THE PROBLEM ▸ Transcribe, word for word and with nothing extra, the line containing "let: (a, p, x) := g in (sval" and each line that comes after it in the entries.

Dataset entries
◇ ◇ ◇ ◇ ◇ ◇ ◇

(* Let $d$ be a prime, $n,N_1,N_2\in\mathbb{N}$, $\omega\in\mathbb{C}$ a primitive $d$-th root of unity, and $W_1,W_2\in M_n(\mathbb{Z}_d)$. For $i=1,2$ let $\mu_i:\mathcal{G}_d^n(W_i)\to GL(\mathbb{C}^{N_i})$, $\mu_i(a,p,x)=a\,\omega^p\,\tau_i(x)$, be a polar commutator representation. If $\Omega_i=W_i-W_i^T$ has full rank over $\mathbb{Z}_d$ for $i=1,2$, then there exists a group isomorphism $\phi:\mathcal{G}_d^n(W_1)\to\mathcal{G}_d^n(W_2)$. Furthermore, if $\phi$ is such an isomorphism, the representations $\mu_1$ and $\mu_2\circ\phi$ have the same character, and there exists a set $B\subseteq\mathcal{G}_d^n(W_1)$ such that $\mu_1(B)$ is a set of Hermitian (respectively unitary) matrices spanning the complex vector space $M_{N_1}(\mathbb{C})$ and $\mu_2(\phi(g))$ is Hermitian (respectively unitary) for all $g\in B$, then $N_1=N_2=:N$ and there exists a unitary $S\in U(N)$ with $\mu_2(\phi(g))=S\mu_1(g)S^{-1}$ for all $g\in\mathcal{G}_d^n(W_1)$.
   Context: Let $F\subset\mathbb{C}^\times$ be a fixed set of representatives of the quotient $\mathbb{C}^\times/\langle\omega\rangle$ with $1\in F$, and let $r:\mathbb{C}^\times\to F$, $u:\mathbb{C}^\times\to\mathbb{Z}_d$ be such that $a=r(a)\,\omega^{u(a)}$ for all $a\in\mathbb{C}^\times$. For $W\in M_n(\mathbb{Z}_d)$, the polar commutator group $\mathcal{G}_d^n(W)$ is the set $F\times\mathbb{Z}_d\times\mathbb{Z}_d^n$ with multiplication $(a,p,x)\cdot(b,q,y)=(r(ab),\,u(ab)+p+q+x^TWy,\,x+y)$. A polar commutator representation of $\mathcal{G}_d^n(W)$ in $\mathbb{C}^N$ is a map $\mu(a,p,x)=a\,\omega^p\,\tau(x)$, where $\tau:\mathbb{Z}_d^n\to GL(\mathbb{C}^N)$ is such that $\mu$ is an injective group homomorphism. The character of a representation is its trace. *)

From HB Require Import structures.
From mathcomp Require Import all_boot all_order all_algebra.
From mathcomp Require Import reals complex.
Set Implicit Arguments. Unset Strict Implicit. Unset Printing Implicit Defensive.
Import Order.TTheory GRing.Theory Num.Theory.
Local Open Scope ring_scope.
Local Open Scope complex_scope.

(* Polar data: the fixed set of representatives F of C^x / <w>, with 1 \in F,
   and the maps r : C^x -> F, u : C^x -> Z_d with a = r(a) w^(u(a)).
   (r and u are given on all of C; their values at 0 are never used,
   r is only required to land in F there.) *)
Record polar_data (R : realType) (d : nat) (w : R[i]) := PolarData {
  pF : pred R[i];
  pr : R[i] -> R[i];
  pu : R[i] -> 'F_d;
  pF1 : 1 \in pF;
  pF_neq0 : forall a, a \in pF -> a != 0;
  pF_cover : forall a, a != 0 -> exists f (k : nat), f \in pF /\ a = f * w ^+ k;
  pF_disj : forall f g (k : nat), f \in pF -> g \in pF -> f = g * w ^+ k -> f = g;
  pr_in : forall a, pr a \in pF;
  pru : forall a, a != 0 -> a = pr a * w ^+ (nat_of_ord (pu a))
}.

Section PolarGroup.
Variables (R : realType) (d : nat) (w : R[i]) (P : polar_data d w) (n : nat).

Definition Fset := {a : R[i] | a \in pF P}.

Definition gelem := (Fset * 'F_d * 'cV['F_d]_n)%type.

Definition gmul (W : 'M['F_d]_n) (g h : gelem) : gelem :=
  let: (a, p, x) := g in
  let: (b, q, y) := h in
  (exist (fun c => c \in pF P) (pr P (sval a * sval b)) (pr_in P _),
   pu P (sval a * sval b) + p + q + (x^T *m W *m y) 0 0,
   x + y).

Definition group_iso (W1 W2 : 'M['F_d]_n) (phi : gelem -> gelem) :=
  bijective phi /\ forall g h, phi (gmul W1 g h) = gmul W2 (phi g) (phi h).

Definition polar_mu (N : nat) (tau : 'cV['F_d]_n -> 'M[R[i]]_N) (g : gelem)
  : 'M[R[i]]_N :=
  let: (a, p, x) := g in (sval a * w ^+ (nat_of_ord p)) *: tau x.

Definition polar_rep (W : 'M['F_d]_n) (N : nat)
    (tau : 'cV['F_d]_n -> 'M[R[i]]_N) :=
  [/\ forall x, tau x \in unitmx,
      injective (polar_mu tau) &
      forall g h, polar_mu tau (gmul W g h) = polar_mu tau g *m polar_mu tau h].

End PolarGroup.

Definition adjmx (R : realType) m k (M : 'M[R[i]]_(m, k)) : 'M[R[i]]_(k, m) :=
  (map_mx Num.conj M)^T.
Definition hermitian_mx (R : realType) N (M : 'M[R[i]]_N) := adjmx M = M.
Definition unitary_mx (R : realType) N (M : 'M[R[i]]_N) :=
  M *m adjmx M = 1%:M /\ adjmx M *m M = 1%:M.

Definition spans_mx (R : realType) N (T : Type) (B : T -> Prop)
    (f : T -> 'M[R[i]]_N) :=
  forall M : 'M[R[i]]_N, exists (k : nat) (g : 'I_k -> T) (c : 'I_k -> R[i]),
    (forall i, B (g i)) /\ M = \sum_(i < k) c i *: f (g i).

◇ ◇ ◇ ◇ ◇ ◇ ◇

TASK SOLUTION ▸
  let: (a, p, x) := g in (sval a * w ^+ (nat_of_ord p)) *: tau x.

Definition polar_rep (W : 'M['F_d]_n) (N : nat)
    (tau : 'cV['F_d]_n -> 'M[R[i]]_N) :=
  [/\ forall x, tau x \in unitmx,
      injective (polar_mu tau) &
      forall g h, polar_mu tau (gmul W g h) = polar_mu tau g *m polar_mu tau h].

End PolarGroup.

Definition adjmx (R : realType) m k (M : 'M[R[i]]_(m, k)) : 'M[R[i]]_(k, m) :=
  (map_mx Num.conj M)^T.
Definition hermitian_mx (R : realType) N (M : 'M[R[i]]_N) := adjmx M = M.
Definition unitary_mx (R : realType) N (M : 'M[R[i]]_N) :=
  M *m adjmx M = 1%:M /\ adjmx M *m M = 1%:M.

Definition spans_mx (R : realType) N (T : Type) (B : T -> Prop)
    (f : T -> 'M[R[i]]_N) :=
  forall M : 'M[R[i]]_N, exists (k : nat) (g : 'I_k -> T) (c : 'I_k -> R[i]),
    (forall i, B (g i)) /\ M = \sum_(i < k) c i *: f (g i).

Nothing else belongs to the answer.